(* Let $\mathcal{S}_1,\dots,\mathcal{S}_n\subseteq\mathbb{R}^D$ be independent linear subspaces (i.e. $\sum_{\ell=1}^n d_\ell=\dim(\sum_\ell\mathcal{S}_\ell)$, $d_\ell=\dim\mathcal{S}_\ell$), and let $\mathcal{X}=\{\boldsymbol{x}_1,\dots,\boldsymbol{x}_N\}\subseteq\bigcup_\ell\mathcal{S}_\ell$ consist of unit-norm vectors such that each $\mathcal{S}_\ell$ contains at least $d_\ell$ points of $\mathcal{X}$ spanning $\mathcal{S}_\ell$. Let $k\ge\sum_{\ell=1}^n d_\ell$ and let $\mathcal{X}_0^{(k)}$ be the output of the farthest first search procedure: $\mathcal{X}_0^{(1)}=\{\boldsymbol{x}_j\}$ for an arbitrary (e.g. random) $j$, and for $i=1,\dots,k-1$, $\mathcal{X}_0^{(i+1)}=\mathcal{X}_0^{(i)}\cup\{\boldsymbol{x}\}$ where $\boldsymbol{x}\in\arg\max_{\boldsymbol{x}_j\in\mathcal{X}}f_\infty(\boldsymbol{x}_j,\mathcal{X}_0^{(i)})$. Then $\mathcal{X}_0^{(k)}$ contains at least $d_\ell$ linearly independent points from each $\mathcal{S}_\ell$, and with $\mathcal{X}_0=\mathcal{X}_0^{(k)}$ the problem defining $f_\infty(\boldsymbol{x}_j,\mathcal{X}_0^{(k)})$ is feasible for every $\boldsymbol{x}_j\in\mathcal{X}$ and all of its optimal solutions are subspace-preserving.
   Context: For $\mathcal{X}_0\subseteq\mathcal{X}$ and $\boldsymbol{x}_j\in\mathcal{X}$, $f_\infty(\boldsymbol{x}_j,\mathcal{X}_0):=\min_{\boldsymbol{c}\in\mathbb{R}^N}\|\boldsymbol{c}\|_1$ subject to $\boldsymbol{x}_j=\sum_{i:\boldsymbol{x}_i\in\mathcal{X}_0}c_i\boldsymbol{x}_i$, with $f_\infty(\boldsymbol{x}_j,\mathcal{X}_0):=\infty$ if infeasible. A vector $\boldsymbol{c}\in\mathbb{R}^N$ associated with $\boldsymbol{x}_j$ is subspace-preserving if $c_i\neq0$ implies that $\boldsymbol{x}_i$ and $\boldsymbol{x}_j$ lie in the same subspace $\mathcal{S}_\ell$. *)

From HB Require Import structures.
From mathcomp Require Import all_boot all_order all_algebra.
From mathcomp Require Import boolp classical_sets reals constructive_ereal ereal.
Set Implicit Arguments. Unset Strict Implicit. Unset Printing Implicit Defensive.
Import Order.TTheory GRing.Theory Num.Theory.
Local Open Scope ring_scope.
Local Open Scope classical_set_scope.

Section Defs.
Variables (R : realType) (D N : nat).

Definition feasible (x : 'I_N -> 'rV[R]_D) (X0 : {set 'I_N}) (v : 'rV[R]_D)
  (c : 'I_N -> R) : Prop :=
  v = \sum_(i in X0) c i *: x i.

Definition l1norm (c : 'I_N -> R) : R := \sum_i `|c i|.

(* f_infty(v, X0) = min ||c||_1 over feasible c; +oo if infeasible
   (ereal_inf of the empty set is +oo). *)
Definition f_infty (x : 'I_N -> 'rV[R]_D) (X0 : {set 'I_N}) (v : 'rV[R]_D)
  : \bar R :=
  ereal_inf [set (l1norm c)%:E | c in feasible x X0 v].

Definition optimal (x : 'I_N -> 'rV[R]_D) (X0 : {set 'I_N}) (v : 'rV[R]_D)
  (c : 'I_N -> R) : Prop :=
  feasible x X0 v c /\ forall c', feasible x X0 v c' -> l1norm c <= l1norm c'.

Definition subspace_preserving (n : nat) (S : 'I_n -> {vspace 'rV[R]_D})
  (x : 'I_N -> 'rV[R]_D) (j : 'I_N) (c : 'I_N -> R) : Prop :=
  forall i, c i != 0 -> exists l, (x i \in S l) && (x j \in S l).

Definition unit_norm (v : 'rV[R]_D) : Prop := \sum_i (v 0 i) ^+ 2 = 1.

(* X0^{(i)} in the farthest first search: the indices selected at steps
   0 .. i-1. *)
Definition ffs_set (sel : nat -> 'I_N) (i : nat) : {set 'I_N} :=
  [set sel (nat_of_ord m) | m : 'I_i].

End Defs.

From HB Require Import structures.
From mathcomp Require Import boolp classical_sets reals constructive_ereal ereal.
From mathcomp Require Import all_boot all_order all_algebra.
Set Implicit Arguments. Unset Strict Implicit. Unset Printing Implicit Defensive.
Import Order.TTheory GRing.Theory Num.Theory.
Local Open Scope ring_scope.

(* f_infty(v, X0) is finite exactly when v lies in the span of X0. Hence, as
   long as X0 does not span all the data, the farthest first search picks a
   point outside span X0 and the dimension of the span grows by one. Since all
   data lie in sum_l S_l, of dimension sum_l d_l <= k, after k steps X0 spans
   every S_l. Independence of the S_l makes the S_l-component of any
   representation of a point of S_l equal to the point itself. Thus the selected
   points of S_l span S_l, and contain d_l independent ones; and keeping only
   the coefficients of the points in the subspace of x_j keeps a representation
   of x_j feasible without increasing its l1 norm, so an optimal representation
   has no other nonzero coefficients. *)

Section IndexedSpan.
Variables (K : fieldType) (vT : vectType K) (I : finType) (x : I -> vT).

Implicit Types (A B : {set I}) (v : vT).

Definition span_of A : {vspace vT} := <<[seq x i | i in A]>>%VS.

Lemma span_ofE A : span_of A = (\sum_(i in A) <[x i]>)%VS.
Proof. by rewrite /span_of span_def big_map big_enum. Qed.

Lemma mem_span_of A i : i \in A -> x i \in span_of A.
Proof. by move=> iA; apply/memv_span/image_f. Qed.

Lemma span_ofS A B : A \subset B -> (span_of A <= span_of B)%VS.
Proof.
by move=> /subsetP AB; apply/span_subvP => _ /imageP[i /AB iB ->]; apply: mem_span_of.
Qed.

Lemma span_of0 : span_of set0 = 0%VS.
Proof. by rewrite span_ofE big_set0. Qed.

Lemma span_ofU1 j A : span_of (j |: A) = (<[x j]> + span_of A)%VS.
Proof.
rewrite /span_of -span_cons; apply: eq_span => v; rewrite in_cons.
apply/imageP/predU1P => [[i /setU1P[-> | iA] ->] | [-> | /imageP[i iA ->]]].
- by left.
- by right; apply: image_f.
- by exists j; rewrite ?setU11.
- by exists i; rewrite ?setU1r.
Qed.

Lemma memv_span_ofP A v :
  reflect (exists c : I -> K, v = \sum_(i in A) c i *: x i) (v \in span_of A).
Proof.
rewrite span_ofE; apply: (iffP memv_sumP) => [[vs vs_line ->] | [c ->]].
  have /choice[c vsE] : forall i, exists r : K, i \in A -> vs i = r *: x i.
    move=> i; have [iA | _] := boolP (i \in A); last by exists 0.
    by have /vlineP[r ->] := vs_line i iA; exists r.
  by exists c; apply: eq_bigr => i /vsE.
by exists (fun i => c i *: x i) => // i _; apply/vlineP; exists (c i).
Qed.

Lemma free_subset_span A :
  exists2 C : {set I}, C \subset A & span_of C = span_of A /\ free [seq x i | i in C].
Proof.
elim: {A}_.+1 {-2}A (ltnSn #|A|) => // m IHm A.
have [-> _ | [j jA]] := set_0Vmem A.
  by exists set0; rewrite // /image_mem enum_set0 nil_free.
rewrite (cardsD1 j) jA ltnS => /IHm[C CA [spanC freeC]].
have jC : j \notin C by apply/negP => /(subsetP CA); rewrite setD11.
have AE : A = j |: (A :\ j) by rewrite setD1K.
have [xj_in | xj_out] := boolP (x j \in span_of C).
  exists C; first exact: subset_trans CA (subD1set A j).
  by rewrite AE span_ofU1 -spanC; split=> //; apply/esym/addv_idPr; rewrite -memvE.
exists (j |: C); first by rewrite AE setUS.
split; first by rewrite AE !span_ofU1 spanC.
have /perm_free -> : perm_eq [seq x i | i in j |: C] (x j :: [seq x i | i in C]).
  rewrite /image_mem -map_cons; apply/perm_map/uniq_perm; rewrite /= ?enum_uniq ?mem_enum ?jC //.
  by move=> i; rewrite in_cons !mem_enum in_setU1.
by rewrite free_cons freeC andbT.
Qed.

End IndexedSpan.

Section IndependentSubspaces.
Variables (K : fieldType) (vT : vectType K) (n : nat) (S : 'I_n -> {vspace vT}).
Hypothesis S_direct : directv (\sum_(l < n) S l).

Lemma directv_sum_component (u : 'I_n -> vT) l0 :
  (forall l, u l \in S l) -> \sum_l u l \in S l0 -> \sum_l u l = u l0.
Proof.
move=> Su sum_in.
pose w l := if l == l0 then \sum_l u l else 0.
have Sw l : w l \in S l by rewrite /w; case: eqVneq => [-> | _]; rewrite ?mem0v.
have sum_w : \sum_l w l = \sum_l u l by rewrite /w -big_mkcond big_pred1_eq.
move/directv_sum_unique: S_direct => /(_ u w (fun l _ => Su l) (fun l _ => Sw l)).
by rewrite sum_w eqxx => /esym/forall_inP/(_ l0 isT); rewrite /w eqxx => /eqP.
Qed.

Variables (I : finType) (x : I -> vT) (lab : I -> 'I_n).
Hypothesis x_lab : forall i, x i \in S (lab i).

Lemma directv_sum_label (A : {set I}) (c : I -> K) l0 :
  \sum_(i in A) c i *: x i \in S l0 ->
  \sum_(i in A) c i *: x i = \sum_(i in A | lab i == l0) c i *: x i.
Proof.
rewrite (partition_big lab xpredT) //= => /directv_sum_component -> //.
by move=> l; apply: memv_suml => i /andP[_ /eqP <-]; apply/memvZ.
Qed.

Lemma span_of_label (A : {set I}) l :
  (S l <= span_of x A)%VS -> span_of x [set i in A | lab i == l] = S l.
Proof.
move=> /subvP Sl_sub; apply/eqP; rewrite eqEsubv; apply/andP; split.
  by apply/span_subvP => _ /imageP[i + ->]; rewrite inE => /andP[_ /eqP <-].
apply/subvP => v Slv; have /memv_span_ofP[c vE] := Sl_sub v Slv.
apply/memv_span_ofP; exists c; rewrite vE (directv_sum_label (l0 := l)) -?vE //.
by apply: eq_bigl => i; rewrite inE.
Qed.

End IndependentSubspaces.

Lemma ler_sum_eq (R : numDomainType) (I : finType) (F G : I -> R) :
  (forall i, F i <= G i) -> \sum_i G i <= \sum_i F i -> forall i, F i = G i.
Proof.
move=> FG GF i; have [_] := leif_sum (fun i (_ : true) => leif_eq (FG i)).
by rewrite eq_le GF ler_sum // => /esym/forall_inP/(_ i isT)/eqP.
Qed.

Section FeasibleProblem.
Variables (R : realType) (D N : nat) (x : 'I_N -> 'rV[R]_D).

Lemma f_infty_eq_pinfty X0 v : f_infty x X0 v = +oo%E <-> v \notin span_of x X0.
Proof.
split => [f_oo | v_out].
  apply/memv_span_ofP => -[c c_feas].
  have : (f_infty x X0 v <= (l1norm c)%:E)%E by apply: ereal_inf_lbound; exists c.
  by rewrite f_oo leye_eq.
rewrite /f_infty -[RHS](ereal_inf0 R); congr ereal_inf.
by apply/seteqP; split=> // y [c c_feas _]; apply/(negP v_out)/memv_span_ofP; exists c.
Qed.

Variables (n : nat) (S : 'I_n -> {vspace 'rV[R]_D}) (lab : 'I_N -> 'I_n).
Hypothesis S_direct : directv (\sum_(l < n) S l).
Hypothesis x_lab : forall i, x i \in S (lab i).

Lemma optimal_support_label X0 j c :
  optimal x X0 (x j) c -> forall i, c i != 0 -> lab i = lab j.
Proof.
move=> [c_feas c_min] i ci.
pose c' i := if lab i == lab j then c i else 0.
have c'_feas : feasible x X0 (x j) c'.
  rewrite /feasible {1}c_feas (directv_sum_label S_direct x_lab (l0 := lab j)) -?c_feas //.
  by rewrite big_mkcondr; apply: eq_bigr => m _; rewrite /c'; case: ifP; rewrite ?scale0r.
have c'_le m : `|c' m| <= `|c m| by rewrite /c'; case: ifP; rewrite ?normr0.
have := ler_sum_eq c'_le (c_min c' c'_feas) i.
by rewrite /c'; case: eqP => // _ /esym/eqP; rewrite normr0 normr_eq0 (negPf ci).
Qed.

End FeasibleProblem.

Lemma unit_norm_neq0 (R : realType) (D : nat) (v : 'rV[R]_D) : unit_norm v -> v != 0.
Proof.
move=> v_unit; apply/eqP => v0; move: v_unit; rewrite /unit_norm v0 big1 => [/eqP|i _].
  by rewrite eq_sym oner_eq0.
by rewrite mxE expr0n.
Qed.

Section FarthestFirstSearch.
Variables (N : nat) (sel : nat -> 'I_N).

Lemma ffs_set0 : ffs_set sel 0 = set0.
Proof. by apply/setP => j; rewrite inE; apply/imsetP => -[[]]. Qed.

Lemma ffs_setS i : ffs_set sel i.+1 = sel i |: ffs_set sel i.
Proof.
apply/setP => j; rewrite in_setU1; apply/imsetP/predU1P => [[m _ ->] | [-> | /imsetP[m _ ->]]].
- have [lt_mi | ge_mi] := ltnP m i; first by right; apply/imsetP; exists (Ordinal lt_mi).
  by left; congr sel; apply/eqP; rewrite eqn_leq ge_mi -ltnS ltn_ord.
- by exists ord_max.
- by exists (widen_ord (leqnSn i) m).
Qed.

Variables (R : realType) (D : nat) (x : 'I_N -> 'rV[R]_D) (k : nat).
Hypothesis x_neq0 : forall j, x j != 0.
Hypothesis sel_argmax : forall i, (1 <= i < k)%N -> forall j,
  (f_infty x (ffs_set sel i) (x j) <= f_infty x (ffs_set sel i) (x (sel i)))%E.

Let d := \dim (span_of x setT).

(* For i = 0 this is x_neq0; afterwards some x j lies outside the span, so
   f_infty(x j) = +oo forces f_infty(x (sel i)) = +oo. *)
Lemma ffs_sel_notin_span i :
  (i < k)%N -> (\dim (span_of x (ffs_set sel i)) < d)%N ->
  x (sel i) \notin span_of x (ffs_set sel i).
Proof.
case: i => [_ _ | i ik dim_lt]; first by rewrite ffs_set0 span_of0 memv0.
have [j xj_out] : exists j, x j \notin span_of x (ffs_set sel i.+1).
  apply/existsP; rewrite -negb_forall; apply: contraL dim_lt => /forallP all_in.
  by rewrite -leqNgt; apply/dimvS/span_subvP => _ /imageP[j _ ->].
have f_oo : f_infty x (ffs_set sel i.+1) (x j) = +oo%E by apply/f_infty_eq_pinfty.
by apply/f_infty_eq_pinfty/eqP; rewrite -leye_eq -f_oo; apply: sel_argmax.
Qed.

Lemma ffs_dim_ge i : (i <= k)%N -> (minn i d <= \dim (span_of x (ffs_set sel i)))%N.
Proof.
elim: i => [|i IHi] ik; first by rewrite min0n.
have [d_le | dim_lt] := leqP d (\dim (span_of x (ffs_set sel i))).
  apply: leq_trans (geq_minr _ _) (leq_trans d_le (dimvS _)).
  by apply: span_ofS; rewrite ffs_setS subsetUr.
have i_le : (i <= \dim (span_of x (ffs_set sel i)))%N.
  by move: (IHi (ltnW ik)); rewrite geq_min [(d <= _)%N]leqNgt dim_lt orbF.
have dim_grows : (\dim (span_of x (ffs_set sel i)) < \dim (span_of x (ffs_set sel i.+1)))%N.
  rewrite ffs_setS span_ofU1 (ltn_leqif (dimv_leqif_sup (addvSr _ _))) subv_add subvv andbT.
  by rewrite -memvE ffs_sel_notin_span.
exact: leq_trans (geq_minl _ _) (leq_ltn_trans i_le dim_grows).
Qed.

Lemma ffs_span_full : (d <= k)%N -> span_of x (ffs_set sel k) = span_of x setT.
Proof.
move=> d_le_k; apply/eqP; rewrite eqEdim span_ofS ?subsetT //=.
by have := ffs_dim_ge (leqnn k); rewrite (minn_idPr d_le_k).
Qed.

End FarthestFirstSearch.

Theorem theorem2 (R : realType) (D n N : nat)
  (S : 'I_n -> {vspace 'rV[R]_D}) (x : 'I_N -> 'rV[R]_D)
  (k : nat) (sel : nat -> 'I_N) :
  (* independent subspaces *)
  (\sum_(l < n) \dim (S l))%N = \dim (\sum_(l < n) S l)%VS ->
  (* X is a set of N distinct unit-norm points in the union of the S_l *)
  injective x ->
  (forall j, unit_norm (x j)) ->
  (forall j, exists l, x j \in S l) ->
  (* each S_l contains (at least d_l) points of X spanning S_l *)
  (forall l, exists A : {set 'I_N},
      (forall j, j \in A -> x j \in S l) /\
      (<<[seq x j | j in A]>>)%VS = S l) ->
  (* k >= sum_l d_l (and k >= 1 so that X0^{(k)} is defined) *)
  (0 < k)%N ->
  (\sum_(l < n) \dim (S l) <= k)%N ->
  (* farthest first search: sel 0 arbitrary, then argmax of f_infty *)
  (forall i, (1 <= i < k)%N -> forall j,
      (f_infty x (ffs_set sel i) (x j) <= f_infty x (ffs_set sel i) (x (sel i)))%E) ->
  (* conclusion 1: d_l linearly independent points from each S_l *)
  (forall l, exists A : {set 'I_N},
      [/\ A \subset ffs_set sel k,
          (forall j, j \in A -> x j \in S l),
          #|A| = \dim (S l) &
          free [seq x j | j in A]]) /\
  (* conclusion 2: feasibility, and optimal solutions are subspace-preserving *)
  (forall j, (exists c, feasible x (ffs_set sel k) (x j) c) /\
      (forall c, optimal x (ffs_set sel k) (x j) c ->
                 subspace_preserving S x j c)).
Proof.
move=> S_indep _ x_unit x_cover S_spanned _ k_ge sel_argmax.
have [lab x_lab] := choice x_cover.
have S_direct : directv (\sum_(l < n) S l) by apply/directvP; rewrite /= S_indep.
have X0_full : span_of x (ffs_set sel k) = span_of x setT.
  apply: (ffs_span_full (fun j => unit_norm_neq0 (x_unit j)) sel_argmax).
  apply: leq_trans k_ge; rewrite S_indep; apply/dimvS/span_subvP => _ /imageP[j _ ->].
  by rewrite memvE (sumv_sup (lab j)) // -memvE.
have S_sub l : (S l <= span_of x (ffs_set sel k))%VS.
  by have [A [_ <-]] := S_spanned l; rewrite X0_full; apply/span_ofS/subsetT.
split=> [l | j].
  have [C CX0l [spanC freeC]] := free_subset_span x [set i in ffs_set sel k | lab i == l].
  have C_lab i : i \in C -> lab i = l by move/(subsetP CX0l); rewrite inE => /andP[_ /eqP].
  exists C; split=> //.
  - by apply: subset_trans CX0l _; apply/subsetP => i; rewrite inE => /andP[].
  - by move=> i /C_lab <-.
  - move/eqP: freeC; rewrite size_map -cardE => <-.
    by rewrite -/(span_of x C) spanC (span_of_label S_direct).
split=> [|c c_opt i ci]; first exact/memv_span_ofP/(subvP (S_sub (lab j)))/x_lab.
by exists (lab j); rewrite -{1}(optimal_support_label S_direct x_lab c_opt ci) !x_lab.
Qed.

==*==

For the lines above, output exactly those from the line containing "by move=> /subsetP" through the line containing "rewrite span_ofE; apply: (iffP", and skip the others.

Response for this exercise:
by move=> /subsetP AB; apply/span_subvP => _ /imageP[i /AB iB ->]; apply: mem_span_of.
Qed.

Lemma span_of0 : span_of set0 = 0%VS.
Proof. by rewrite span_ofE big_set0. Qed.

Lemma span_ofU1 j A : span_of (j |: A) = (<[x j]> + span_of A)%VS.
Proof.
rewrite /span_of -span_cons; apply: eq_span => v; rewrite in_cons.
apply/imageP/predU1P => [[i /setU1P[-> | iA] ->] | [-> | /imageP[i iA ->]]].
- by left.
- by right; apply: image_f.
- by exists j; rewrite ?setU11.
- by exists i; rewrite ?setU1r.
Qed.

Lemma memv_span_ofP A v :
  reflect (exists c : I -> K, v = \sum_(i in A) c i *: x i) (v \in span_of A).
Proof.
rewrite span_ofE; apply: (iffP memv_sumP) => [[vs vs_line ->] | [c ->]].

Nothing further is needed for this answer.